The example_core dataset includes a small synthetic block that supports a bounded GPCM fit. This example uses compact quadrature and iteration settings to keep optional local execution short; for final evidence, rerun with the package default or a higher quadrature setting and a larger recovery design.

library(mfrmr)
toy <- load_mfrmr_data("example_core")

fit_gpcm <- fit_mfrm(
  data = toy,
  person = "Person",
  facets = c("Rater", "Criterion"),
  step_facet = "Criterion",
  score = "Score",
  model = "GPCM",
  method = "MML",
  quad_points = 7,
  maxit = 20
)

summary(fit_gpcm)

diag_gpcm <- diagnose_mfrm(fit_gpcm)
summary(diag_gpcm)

info <- compute_information(fit_gpcm)
plot_information(info)

rec_gpcm <- evaluate_mfrm_recovery(
  sim_spec = build_mfrm_sim_spec(
    n_person = 30,
    n_rater = 3,
    n_criterion = 4,
    raters_per_person = 2,
    model = "GPCM",
    step_facet = "Criterion",
    slope_facet = "Criterion",
    slopes = c(0.8, 1.0, 1.15, 1.05)
  ),
  reps = 10,
  model = "GPCM",
  fit_method = "MML",
  quad_points = 7,
  maxit = 20,
  include_diagnostics = TRUE,
  diagnostic_fit_df_method = "both",
  seed = 1
)
review_gpcm <- assess_mfrm_recovery(
  rec_gpcm,
  max_rmse = c(facet = 0.5, step = 0.5, slope = 0.25),
  max_abs_bias = c(default = 0.25)
)

summary(review_gpcm)$overview
summary(review_gpcm)$reading_order
review_gpcm$condition_reporting_notes[, c(
  "ConditionArea", "ReportingAttention", "ConditionFinding"
)]
review_gpcm$condition_review[, c(
  "Model", "GPCMSlopeRegime", "StressLevel", "ScoreSupportStatus"
)]
review_gpcm$diagnostic_reporting_notes[, c(
  "Facet", "ReportingAttention", "DiagnosticFinding"
)]
summary(review_gpcm)$diagnostic_review
plot(review_gpcm, type = "status")
plot(review_gpcm, type = "metrics", metric = "rmse")

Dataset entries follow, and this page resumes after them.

(* Let g_{-k} < ... < g_k be zeros of L_{2k+1}.  Since deg L_{2k+1} <= 2k+1,
   these are all its zeros; as L_{2k+1} is odd and the g_i are increasing,
   g_{-i} = -g_i and g_0 = 0 (lemma g_opp).

   The two products defining gamma_m are the Lagrange weights of the node g_m
   for interpolation at 1 on the 2k+2 points {-1, g_{-k}, ..., g_k}, and at -1
   on {g_{-k}, ..., g_k, 1}.  For a polynomial p of degree <= 2k+1, Lagrange
   interpolation at 1 and at -1 gives
       p(1)  = w_+ p(-1) + sum_m (first weight of m)  p(g_m),
       p(-1) = w_- p(1)  + sum_m (second weight of m) p(g_m),
   and by the symmetry of the nodes the endpoint weights are w_+ = w_- = -1.
   Adding, sum_m gamma_m p(g_m) = 2 (p(1) + p(-1))  (lemma node_quadrature).
   Applied to the restrictions of v to the two vertical and to the two
   horizontal edges, both sides of the identity equal twice the sum of the
   values of v at the four corners.  The closed forms of gamma_i follow by
   grouping the factors of each product in mirror pairs {j, -j}. *)

Definition zrange (a b : int) : seq int := [seq a + t%:Z | t <- iota 0 (zlen a b)].

Lemma zlenE (a b : int) : a <= b + 1 -> (zlen a b)%:Z = b + 1 - a.
Proof. by rewrite /zlen; case E: (b + 1 - a) => [n|n] //; lia. Qed.

Lemma zlen0 (a b : int) : b + 1 <= a -> zlen a b = 0%N.
Proof. by rewrite /zlen; case E: (b + 1 - a) => [n|n] //; lia. Qed.

Lemma zsumE (R : realFieldType) (a b : int) (F : int -> R) :
  zsum a b F = \sum_(j <- zrange a b) F j.
Proof. by rewrite /zsum big_map -val_enum_ord big_map /index_enum -enumT. Qed.

Lemma zprodE (R : realFieldType) (a b : int) (P : pred int) (F : int -> R) :
  zprod a b P F = \prod_(j <- zrange a b | P j) F j.
Proof. by rewrite /zprod big_map -val_enum_ord big_map /index_enum -enumT. Qed.
From HB Require Import structures.
From mathcomp Require Import all_boot all_order all_algebra.
From mathcomp Require Import zify.
Import Order.TTheory GRing.Theory Num.Theory.
Local Open Scope ring_scope.

(* Since d lowers the Maslov grading by one, all nonzero terms of the
   x1-coefficient of d(y1) sit in a single U-degree, so horizontal
   simplification forces that coefficient to be exactly U^{r1}, with
   A(y1) = A(x1) - r1.  Hence h1 d is the identity on the line F[U] y1, and for
   every x the x1-coordinate of x + d h1 x has U-degree < r1, so pi acts on it
   by merely deleting its y1-coordinate.  With these two facts, f1 g1 = I,
   g1 f1 = I + d h1 + h1 d and the chain-map identities are direct computations
   in characteristic 2; f1 U = U1 f1 on the nose, and h1 U g1 is a homotopy
   from g1 U1 to U g1.  All maps involved lower A, h1 because
   A(U^n y1) = A(U^{r1+n} x1). *)

Lemma ole_refl a : ole a a.
Proof. by case: a => //= x; exact: lexx. Qed.

Lemma ole_trans a b c : ole a b -> ole b c -> ole a c.
Proof. by case: a; case: b; case: c => //= x y z; apply: le_trans. Qed.
Arguments ole_trans {a b c}.

Lemma ole_omax a b c : ole (omax a b) c = ole a c && ole b c.
Proof.
case: a; case: b; case: c => //= *; first by rewrite ge_max.
by rewrite andbT.
Qed.

Lemma ole_big_omaxP (I : eqType) (r : seq I) (P : pred I) (F : I -> option int) b :
  ole (\big[omax/None]_(i <- r | P i) F i) b <->
  (forall i, i \in r -> P i -> ole (F i) b).
Proof.
elim: r => [|a r IH]; first by rewrite big_nil; split=> // _; case: b.
rewrite big_cons; case Pa: (P a).
  rewrite ole_omax; split.
    move=> /andP[Ha /IH Hr] i; rewrite inE => /orP[/eqP->//|]; exact: Hr.
  move=> H; rewrite H ?mem_head //=; apply/IH => i ir; apply: H.
  by rewrite inE ir orbT.
rewrite IH; split=> H i.
  by rewrite inE => /orP[/eqP->|]; [rewrite Pa | exact: H].
by move=> ir; apply: H; rewrite inE ir orbT.
Qed.

Section AlexanderGrading.
Variables (N : nat) (Ag : gen N -> int).
Local Notation A := (Alex Ag).

Lemma Alex_leP (x : C0 N) b :
  ole (A x) b <->
  (forall w (m : nat), (x w)`_m != 0 -> ole (Some (Ag w - m%:Z)) b).
Proof.
rewrite /Alex ole_big_omaxP; split=> [H w m nz | H w _ _].
  have lt : (m < size (x w))%N.
    by rewrite ltnNge; apply: contra nz => le; rewrite nth_default.
  by move/ole_big_omaxP: (H w (mem_index_enum _) isT) => /(_ (Ordinal lt)); apply.
by apply/ole_big_omaxP => i _ nz; exact: H.
Qed.

Lemma Alex_ge_coef {x : C0 N} {w} {m : nat} :
  (x w)`_m != 0 -> ole (Some (Ag w - m%:Z)) (A x).
Proof. by move: w m; apply/Alex_leP; exact: ole_refl. Qed.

# For a release-scale smoke read:
# source(system.file("validation", "recovery-validation.R", package = "mfrmr"))
# validation <- mfrmr_run_recovery_validation(
#   case_ids = c("gpcm_slope_profile", "gpcm_high_dispersion_sparse"),
#   quick = TRUE,
#   verbose = FALSE
# )
# validation_summary <- summary(validation)
# validation_summary$reading_order
# validation_summary$topline_release_decision
# validation_summary$condition_reporting_notes
# validation_summary$condition_summary
# validation_summary$diagnostic_reporting_notes
# build_summary_table_bundle(validation_summary)$tables$reading_order
# build_summary_table_bundle(validation_summary)$tables$domain_decision_table

The fit, summary, residual diagnostics, information, recovery, fair-average, and conditional bias-screening helpers all run under GPCM with the caveats listed above. Trying build_apa_outputs(fit_gpcm) raises an explicit message pointing back at gpcm_capability_matrix() rather than producing a partial output.

Roadmap

The boundary above is a release-scope statement, not a permanent design choice. Score-side semantics for free-discrimination polytomous models are on the roadmap for a future release. Until then, the matrix returned by gpcm_capability_matrix() is the binding contract.